Шехтман представил, как сейчас будет он разогревать машину и скоблить ветровое – остальные уж как-нибудь – стекло, а до того ещё как бы не пришлось, сняв рукавицу, отогревать замерзший замок стремительно стынущей ладонью и как будет его знобить и ломать все эти десять долгих минут, что надо будет прожить с того мига, когда, замотавшись шарфом и засунув руки поглубже в карманы, он шагнет из освещенного вестибюля в стылую темень бескрайней парковки, до той сладкой минуты, когда окна в машине оттают и печка начнёт давать влажное поначалу тепло.

Езды по такой погоде станет никак не меньше минут пятидесяти, и чем позже он сейчас выйдет, тем больше других таких же окажется с ним вместе на дорогах графства и тем больше времени уйдёт на то, чтобы преодолеть эти девять с половиной миль, отделяющие его от горячего душа, таблетки тайленола и стакана виски.

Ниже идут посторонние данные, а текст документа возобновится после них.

Lemma exp_add_exp_opp_le (s : R) : exp s + exp (- s) <= 2 * exp (2 * s ^ 2).
Proof.
  assert (Hnonneg : forall s, 0 <= s -> exp s + exp (- s) <= 2 * exp (2 * s ^ 2)).
  { clear s. intros s Hs. pose proof (exp_ineq1_le (2 * s ^ 2)).
    destruct (Rlt_or_le s (1/2)) as [Hs1 | Hs1].
    - (* exp s <= 1 / (1 - s) and exp (- s) <= 1 / (1 + s), both below quadratics *)
      pose proof (exp_ineq1_le s). pose proof (exp_ineq1_le (- s)).
      assert (exp s * exp (- s) = 1) by (rewrite <- exp_plus, Rplus_opp_r; apply exp_0).
      pose proof (exp_pos s). pose proof (exp_pos (- s)).
      assert (exp s * (1 - s) <= 1) by nra.
      assert (exp (- s) * (1 + s) <= 1) by nra.
      assert (exp s <= 1 + s + 2 * s ^ 2) by nra.
      assert (exp (- s) <= 1 - s + s ^ 2) by nra.
      nra.
    - assert (exp (- s) <= exp s) by (apply exp_le_compat; lra).
      assert (exp s <= exp (2 * s ^ 2)) by (apply exp_le_compat; nra).
      lra. }
  destruct (Rle_or_lt 0 s); [now apply Hnonneg |].
  pose proof (Hnonneg (- s) ltac:(lra)) as Hneg.
  rewrite Ropp_involutive in Hneg. replace ((- s) ^ 2) with (s ^ 2) in Hneg by ring. lra.
Qed.
(* Let $mG$, $mG'$ be finite canonical misinformation games and $t\ge0$. If $mG'\in\mathcal{AD}^{(t)}(\{mG\})$ and $mG'\in\mathcal{AD}(\{mG'\})$, then $mG'\in\mathcal{AD}^\infty(\{mG\})$.
   Context: A normal-form game is $G=\langle N,S,P\rangle$ with finite players $N$, finite pure strategy sets $S_i$, positions $S=\times_i S_i$, payoffs $P_i:S\to\mathbb{R}$. A misinformation game $mG=\langle G^0,G^1,\dots,G^{|N|}\rangle$ consists of the actual game $G^0$ and subjective games $G^i$; it is canonical if all $G^i=\langle N,S,P^i\rangle$ differ from $G^0$ only in payoffs and in every $G^i$ all players have equally many pure strategies. $NME(mG)$ is the set of profiles $\sigma=(\sigma_1,\dots,\sigma_{|N|})$ such that each $\sigma_i$ is player $i$'s component of some Nash equilibrium of $G^i$. $\chi(\sigma)=\mathrm{supp}(\sigma_1)\times\dots\times\mathrm{supp}(\sigma_{|N|})$. For $\vec v\in S$, $mG_{\vec v}$ is obtained by replacing, in every $P^i$ ($i\ge1$), the payoff vector at position $\vec v$ by $P^0(\vec v)$. For a set $M$ of misinformation games, $\mathcal{AD}(M)=\{mG_{\vec u}: mG\in M,\sigma\in NME(mG),\vec u\in\chi(\sigma)\}$, $\mathcal{AD}^{(0)}(M)=M$, $\mathcal{AD}^{(t+1)}(M)=\mathcal{AD}^{(t)}(\mathcal{AD}(M))$; the length $\mathfrak{L}$ is the least $t\ge0$ with $\mathcal{AD}^{(t+1)}(M)=\mathcal{AD}^{(t)}(M)$ and $\mathcal{AD}^\infty(M)=\mathcal{AD}^{(\mathfrak{L})}(M)$. *)

From HB Require Import structures.
From mathcomp Require Import all_boot all_order all_algebra.
From mathcomp Require Import reals.
Set Implicit Arguments. Unset Strict Implicit. Unset Printing Implicit Defensive.
Import Order.TTheory GRing.Theory Num.Theory.
Local Open Scope ring_scope.

Section MG.
Variables (R : realType) (n m : nat).
(* Players are 'I_n; in a canonical misinformation game every player has the
   same number m of pure strategies, in every (actual and subjective) game. *)

Definition position := {ffun 'I_n -> 'I_m}.

Definition game := {ffun position -> {ffun 'I_n -> R}}.

Definition mgame := (game * {ffun 'I_n -> game})%type.
Definition actual (mG : mgame) : game := mG.1.
Definition subj (mG : mgame) (i : 'I_n) : game := mG.2 i.

Definition mixed (s : {ffun 'I_m -> R}) : Prop :=
  (forall a, 0 <= s a) /\ \sum_a s a = 1.
Definition profile := 'I_n -> {ffun 'I_m -> R}.
Definition mixed_profile (sigma : profile) : Prop := forall i, mixed (sigma i).

Definition exp_payoff (P : game) (sigma : profile) (i : 'I_n) : R :=
  \sum_(s : position) (\prod_(j : 'I_n) sigma j (s j)) * P s i.

Definition deviate (sigma : profile) (i : 'I_n) (tau : {ffun 'I_m -> R}) : profile :=
  fun j => if j == i then tau else sigma j.

Definition nash (P : game) (sigma : profile) : Prop :=
  mixed_profile sigma /\
  forall i tau, mixed tau -> exp_payoff P (deviate sigma i tau) i <= exp_payoff P sigma i.

Definition NME (mG : mgame) (sigma : profile) : Prop :=
  forall i, exists sigma', nash (subj mG i) sigma' /\ sigma' i = sigma i.

Definition chi (sigma : profile) (v : position) : Prop := forall i, 0 < sigma i (v i).

Definition update (mG : mgame) (v : position) : mgame :=
  (actual mG, [ffun i => [ffun s => if s == v then actual mG v else subj mG i s]]).

Definition mset := mgame -> Prop.
Definition mset_eq (A B : mset) : Prop := forall g, A g <-> B g.

Definition AD (M : mset) : mset := fun g =>
  exists mG sigma u, [/\ M mG, NME mG sigma, chi sigma u & g = update mG u].

Fixpoint ADt (t : nat) (M : mset) : mset :=
  match t with
  | 0 => M
  | t'.+1 => ADt t' (AD M)
  end.

Definition AD_infty (M : mset) : mset := fun g =>
  exists L : nat,
    [/\ mset_eq (ADt L.+1 M) (ADt L M),
        (forall t, (t < L)%N -> ~ mset_eq (ADt t.+1 M) (ADt t M))
      & ADt L M g].

Definition singleton (mG : mgame) : mset := fun g => g = mG.
End MG.

From mathcomp Require Import all_boot all_order all_algebra.
From mathcomp Require Import reals.
From Stdlib Require Import Classical Wf_nat.

Set Implicit Arguments. Unset Strict Implicit. Unset Printing Implicit Defensive.

(* Every adaptation step mG |-> mG_u either leaves mG unchanged (when the
   subjective payoffs already agree with the actual ones at u) or strictly
   enlarges the set of positions where all subjective games agree with the
   actual one.  Hence a chain of more than |S| steps from mG contains an idle
   step, which can be repeated or dropped: AD^(t) and AD^(t+1) of {mG} agree
   once t > |S|, so the length L is finite.  Since mG' is a fixed point of one
   step, it lies in AD^(t+d)({mG}) for every d, in particular in
   AD^(t+L)({mG}) = AD^(L)({mG}). *)

Lemma classical_ex_minn (P : nat -> Prop) : (exists k, P k) ->
  exists L, P L /\ forall t, (t < L)%N -> ~ P t.
Proof.
move=> exP.
have [L [[PL minL] _]] :=
  dec_inh_nat_subset_has_unique_least_element P (fun t => classic (P t)) exP.
exists L; split=> // t ltL Pt.
by move/leP: (minL t Pt); rewrite leqNgt ltL.
Qed.

Section Adaptation.
Variables (R : realType) (n m : nat).
Implicit Types (M : mset R n m) (g h : mgame R n m).

Definition agreement g : {set position n m} :=
  [set v | [forall i, subj g i v == actual g v]].

Lemma ADtSr t M : ADt t.+1 M = AD (ADt t M).
Proof. by elim: t M => [|t IH] M //=; apply: IH. Qed.

Lemma AD_step M g (sigma : profile R n m) u :
  M g -> NME g sigma -> chi sigma u -> AD M (update g u).
Proof. by move=> Mg Nsigma chiu; exists g, sigma, u. Qed.

Lemma AD_mset_eq M M' : mset_eq M M' -> mset_eq (AD M) (AD M').
Proof.
by move=> eqM g; split=> -[h [sigma [u [Mh Nsigma chiu ->]]]];
  apply: (AD_step _ Nsigma chiu); apply/eqM.
Qed.

Lemma AD_fixed M g : AD (singleton g) g -> M g -> AD M g.
Proof.
by case=> [h [sigma [u [-> Nsigma chiu def_g]]]] Mg; rewrite def_g; apply: AD_step.
Qed.

Lemma update_id_or_agreement_grows g u :
  update g u = g \/ (#|agreement g| < #|agreement (update g u)|)%N.
Proof.
case: g => a f; case agree_u: (u \in agreement (a, f)).
  left; congr pair; apply/ffunP => i; apply/ffunP => s; rewrite !ffunE.
  case: eqP => // ->.
  by move: agree_u; rewrite inE => /forallP /(_ i) /eqP.
right; apply/proper_card/properP; split.
  apply/subsetP => v; rewrite !inE => /forallP agree_v; apply/forallP => i.
  rewrite /subj /actual /update /= !ffunE.
  by case: (eqVneq v u) => [->|_]; last exact: agree_v.
exists u; last by rewrite agree_u.
by rewrite inE; apply/forallP => i; rewrite /subj /actual /update /= !ffunE eqxx.
Qed.

Lemma ADt_singleton_grow_or_idle g t h : ADt t (singleton g) h ->
  (#|agreement g| + t <= #|agreement h|)%N \/
  [/\ (0 < t)%N, ADt t.+1 (singleton g) h & ADt t.-1 (singleton g) h].
Proof.
elim: t h => [|t IH] h; first by move=> /= ->; left; rewrite addn0.
rewrite ADtSr => -[k [sigma [u [ADk Nsigma chiu ->]]]].
have [idle|grows] := update_id_or_agreement_grows k u.
  have ADk1 : ADt t.+1 (singleton g) (update k u) by rewrite ADtSr; apply: AD_step.
  rewrite idle in ADk1 *; right; split=> //.
  by rewrite ADtSr -idle; apply: AD_step.
case: (IH k ADk) => [le_k|[t_gt0 ADk2 ADk0]].
  by left; rewrite addnS; apply: leq_ltn_trans le_k grows.
right; split=> //; first by rewrite ADtSr; apply: AD_step.
by rewrite /= -(prednK t_gt0) ADtSr; apply: AD_step.
Qed.

Lemma ADt_singleton_long g t h : (#|{: position n m}| < t)%N ->
  ADt t (singleton g) h -> ADt t.+1 (singleton g) h /\ ADt t.-1 (singleton g) h.
Proof.
move=> long /ADt_singleton_grow_or_idle [le_h|[_ AD1 AD0]] //.
have := leq_trans le_h (max_card (mem (agreement h))).
by rewrite leqNgt (leq_trans long (leq_addl _ _)).
Qed.

Lemma ADt_singleton_saturates g : exists k,
  mset_eq (ADt k.+1 (singleton g)) (ADt k (singleton g)).
Proof.
set N := #|{: position n m}|; exists N.+1 => h; split=> ADh.
  by case: (ADt_singleton_long (ltnW (ltnSn N.+1)) ADh).
by case: (ADt_singleton_long (ltnSn N) ADh).
Qed.

Lemma ADt_fixpoint M k d :
  mset_eq (ADt k.+1 M) (ADt k M) -> mset_eq (ADt (k + d) M) (ADt k M).
Proof.
move=> eqk; elim: d => [|d IH]; first by rewrite addn0.
move=> h; rewrite addnS ADtSr.
by move: (AD_mset_eq IH h) (eqk h); rewrite ADtSr; tauto.
Qed.

Lemma ADt_fixed M g t d : AD (singleton g) g -> ADt t M g -> ADt (t + d) M g.
Proof.
move=> fixed_g ADg; elim: d => [|d IH]; first by rewrite addn0.
by rewrite addnS ADtSr; apply: AD_fixed.
Qed.

End Adaptation.

Theorem proposition10 (R : realType) (n m : nat) (mG mG' : mgame R n m) (t : nat) :
  ADt t (singleton mG) mG' ->
  AD (singleton mG') mG' ->
  AD_infty (singleton mG) mG'.
Proof.
move=> ADt_mG' fixed_mG'.
have [L [eqL minL]] := classical_ex_minn (ADt_singleton_saturates mG).
exists L; split=> //.
apply/(ADt_fixpoint t eqL); rewrite addnC.
exact: ADt_fixed.
Qed.
Lemma tau_ready_moves_by_tau (N N' : net) (t : trans) (m : nat) (p : loc) (St : thread) :
  NoDup (map fst N) -> nth_error N m = Some (p, St) -> tau_ready St -> step N t N' ->
  In p (comp t) -> lab_of t = LTau.
Proof.
  intros Hnd Hm Hready Hst Hp.
  destruct (moving_location_cases N N' t m p St Hnd Hm Hst Hp)
    as [[-> _] | [[l [q [Q [_ ->]]]] | [p' [l [bs [_ ->]]]]]];
    [reflexivity | destruct Hready | destruct Hready].
Qed.

Lemma tau_ready_enabled (N : net) (m : nat) (p : loc) (St : thread) :
  nth_error N m = Some (p, St) -> tau_ready St -> comp_enabled N p.
Proof.
  intros Hm Hready; exists (TrTau p).
  destruct St as [| [| [[q l] P] bs] | | | X P |]; simpl in Hready;
    try contradiction.
  - eexists; split; [eapply st_choice; [exact Hm | left; reflexivity] | now left].
  - eexists; split; [eapply st_unfold; exact Hm | now left].
Qed.

Lemma tau_enabled_source (N : net) :
  act_enabled N LTau ->
  exists m p St, nth_error N m = Some (p, St) /\ tau_ready St.
Proof.
  intros [[p | p l q] [N' [Hst Hl]]]; [|discriminate].
  inversion Hst as [? i ? bs ? ? ? Hi Hin | ? i ? X P Hi |]; subst.
  - exists i, p, (TSend bs); split; [exact Hi|]. simpl; intros ->; destruct Hin.
  - exists i, p, (TMu X P); now split.
Qed.

Lemma comm_enabled_source (N : net) (p q : loc) (l : lab) :
  act_enabled N (LComm p l q) ->
  exists m Q, nth_error N m = Some (p, TOut q l Q).
Proof.
  intros [[p' | p' l' q'] [N' [Hst Hl]]]; [discriminate|].
  injection Hl as -> -> ->.
  inversion Hst; subst; eauto.
Qed.

Lemma comm_enabled_sender (N : net) (p q : loc) (l : lab) :
  act_enabled N (LComm p l q) -> comp_enabled N p.
Proof.
  intros [[p' | p' l' q'] [N' [Hst Hl]]]; [discriminate|].
  injection Hl as -> -> ->. exists (TrComm p l q), N'; split; [exact Hst | now left].
Qed.

Lemma st_in_le (π : path) (i j : nat) : j <= i -> st_in π i -> st_in π j.
Proof. unfold st_in; destruct (plen π); auto; lia. Qed.

Lemma tr_in_st_in (π : path) (i : nat) : tr_in π i -> st_in π i.
Proof. unfold st_in, tr_in; destruct (plen π); auto; lia. Qed.

Lemma st_in_tr_in (π : path) (i j : nat) : i < j -> st_in π j -> tr_in π i.
Proof. unfold st_in, tr_in; destruct (plen π); auto; lia. Qed.

Lemma path_step (π : path) (i : nat) :
  is_path π -> tr_in π i -> step (pst π i) (ptr π i) (pst π (S i)).
Proof. intros [_ [Hsteps _]]; apply Hsteps. Qed.

Lemma path_nodup (π : path) (j : nat) :
  is_path π -> st_in π j -> NoDup (map fst (pst π j)).
Proof.
  intros HP; induction j as [|j IH]; intros Hj.
  - destruct HP as [[Hnd _] _]; exact Hnd.
  - apply (step_nodup (pst π j) _ (ptr π j)).
    + apply path_step; auto; eapply st_in_tr_in; eauto.
    + apply IH; eapply st_in_le; [|eauto]; lia.
Qed.

Lemma state_persists_until_move (π : path) (i m : nat) (p : loc) (St : thread) :
  is_path π -> nth_error (pst π i) m = Some (p, St) ->
  forall j, i <= j -> st_in π j ->
  nth_error (pst π j) m = Some (p, St) \/
  exists k, i <= k < j /\ In p (comp (ptr π k)) /\ nth_error (pst π k) m = Some (p, St).
Proof.
  intros HP Hm j; induction j as [|j IH]; intros Hij Hj.
  - left; now replace i with 0 in Hm by lia.
  - destruct (Nat.eq_dec i (S j)) as [<- | Hne]; [now left|].
    destruct (IH ltac:(lia) ltac:(eapply st_in_le; [|eauto]; lia))
      as [Hstate | [k [Hk Hmove]]].
    + destruct (in_dec Nat.eq_dec p (comp (ptr π j))) as [Hin | Hout].
      * right; exists j; split; [lia | auto].
      * left; apply (step_frame (pst π j) _ (ptr π j)); auto.
        apply path_step; auto; eapply st_in_tr_in; eauto.
    + right; exists k; split; [lia | auto].
Qed.

Lemma first_move_state (π : path) (i m : nat) (p : loc) (St : thread) :
  is_path π -> nth_error (pst π i) m = Some (p, St) -> engaged_in comp_engages π i p ->
  exists j, i <= j /\ tr_in π j /\ In p (comp (ptr π j)) /\
            nth_error (pst π j) m = Some (p, St).
Proof.
  intros HP Hm [j [Hij [Hj Hmove]]].
  destruct (state_persists_until_move π i m p St HP Hm j Hij (tr_in_st_in π j Hj))
    as [Hstate | [k [Hk [Hmovek Hstate]]]].
  - exists j; auto.
  - exists k; repeat split; auto; try lia.
    eapply st_in_tr_in; [|apply tr_in_st_in; eauto]; lia.
Qed.

Lemma comm_engaged_by_sender (π : path) (i : nat) (p q : loc) (l : lab) :
  is_path π -> st_in π i -> act_enabled (pst π i) (LComm p l q) ->
  engaged_in comp_engages π i p -> engaged_in act_engages π i (LComm p l q).
Proof.
  intros HP Hi Hen Hmoves.
  destruct (comm_enabled_source _ _ _ _ Hen) as [m [Q Hm]].
  destruct (first_move_state π i m p _ HP Hm Hmoves) as [j [Hij [Hj [Hmove Hmj]]]].
  exists j; repeat split; auto.
  apply (sender_moves_by_comm (pst π j) (pst π (S j)) (ptr π j) m p q l Q);
    auto using path_nodup, path_step, tr_in_st_in.
Qed.

Lemma tau_engaged_or_stuck (π : path) (i : nat) :
  is_path π -> st_in π i -> act_enabled (pst π i) LTau ->
  engaged_in act_engages π i LTau \/
  exists p, perpetually_enabled comp_enabled π i p /\ ~ engaged_in comp_engages π i p.
Proof.
  intros HP Hi Hen.
  destruct (tau_enabled_source _ Hen) as [m [p [St [Hm Hready]]]].
  destruct (classic (engaged_in comp_engages π i p)) as [Hmoves | Hidle].
  - left. destruct (first_move_state π i m p St HP Hm Hmoves) as [j [Hij [Hj [Hmove Hmj]]]].
    exists j; repeat split; auto.
    apply (tau_ready_moves_by_tau (pst π j) (pst π (S j)) (ptr π j) m p St);
      auto using path_nodup, path_step, tr_in_st_in.
  - right; exists p; split; [|exact Hidle].
    intros j Hij Hj.
    destruct (state_persists_until_move π i m p St HP Hm j Hij Hj)
      as [Hstate | [k [Hk [Hmovek _]]]].
    + eapply tau_ready_enabled; eauto.
    + exfalso; apply Hidle; exists k; repeat split; try lia; auto.
      eapply st_in_tr_in; [|eauto]; lia.
Qed.

Section GenericFairness.
Context {Task : Type} (enabled : net -> Task -> Prop) (engages : trans -> Task -> Prop).

Lemma perpetually_relentlessly (π : path) (k : nat) (T : Task) :
  perpetually_enabled enabled π k T -> relentlessly_enabled enabled π k T.
Proof. intros Hper j Hkj Hj; exists j; auto. Qed.

Lemma strongly_weakly_fair (π : path) :
  strongly_fair enabled engages π -> weakly_fair enabled engages π.
Proof. intros Hfair k Hk T Hper; apply Hfair; auto using perpetually_relentlessly. Qed.

Lemma relentlessly_enabled_later (π : path) (k i : nat) (T : Task) :
  k <= i -> relentlessly_enabled enabled π k T -> relentlessly_enabled enabled π i T.
Proof. intros Hki Hrel j Hij; apply Hrel; lia. Qed.

Lemma engaged_in_earlier (π : path) (k i : nat) (T : Task) :
  k <= i -> engaged_in engages π i T -> engaged_in engages π k T.
Proof. intros Hki [j [Hij Hj]]; exists j; split; [lia | exact Hj]. Qed.
End GenericFairness.

Section EnablednessTransfer.
Context {Task1 Task2 : Type} (enabled1 : net -> Task1 -> Prop)
  (enabled2 : net -> Task2 -> Prop) (T1 : Task1) (T2 : Task2).
Hypothesis enabled_transfer : forall N, enabled1 N T1 -> enabled2 N T2.

Lemma relentlessly_transfer (π : path) (k : nat) :
  relentlessly_enabled enabled1 π k T1 -> relentlessly_enabled enabled2 π k T2.
Proof.
  intros Hrel j Hkj Hj.
  destruct (Hrel j Hkj Hj) as [i [Hji [Hi Hen]]]; eauto.
Qed.

Lemma perpetually_transfer (π : path) (k : nat) :
  perpetually_enabled enabled1 π k T1 -> perpetually_enabled enabled2 π k T2.
Proof. intros Hper i Hki Hi; auto. Qed.
End EnablednessTransfer.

И пледом накрыться бы. И поверх пледа навалить чего-нибудь потяжельше. А уж кормят пусть бульоном пустым, лады.

В окнах верхних этажей банка начали один за другим гасить свет – значит, край выходить: ещё четверть часа и банковские запрудят своими тачками весь проезд от слепой глыбы бывших складов до торчащей арматуры недостроeнного виадука, и жди потом своей очереди, чтобы вывернуть на левую стрелку, – когда пять минут, а когда и поболее. Это как кому повезет.

Шехтман проворно сунул ноги в стоявшие тут же под столом жёлтые с чёрным чоботы – резиновая обувка, след автомобильный. Кто-то придумал надевать их поверх башмаков, чтоб ноги не промокали, и правда, Шехтман заметил, помогает. У многих теперь такие чуни, торгуют ими повсюду. Шнуровать их особо не надо, раз-раз и готово, теперь полушубок кожаный, рукавицы – вот они, шарф – по дороге намотаем, а шапку – уж чего-чего, а чтоб шапку носить, так себя Шехтман не опускал, и хоть в тридцатиградусный мороз, хоть бы и с простудой, а ходил только без шапки.

Перед лифтами народ уже затолпился, видать, давно не было чтой-то. Джефф Мак-Лафлин, стоя тут же, возле, в таких же как у Шехтмана чунях, возмущался громче всех и говорил, что начальство на сороковом этаже нарочно велит секретаршам задерживать лифты наверху, чтобы они всегда были для них наготове, как лимузины. Увидев Шехтмана, Мак-Лафлин заулыбался, обнажая утыканные ровненькими имплантами десны: как поживаешь, я, мол, хорошо.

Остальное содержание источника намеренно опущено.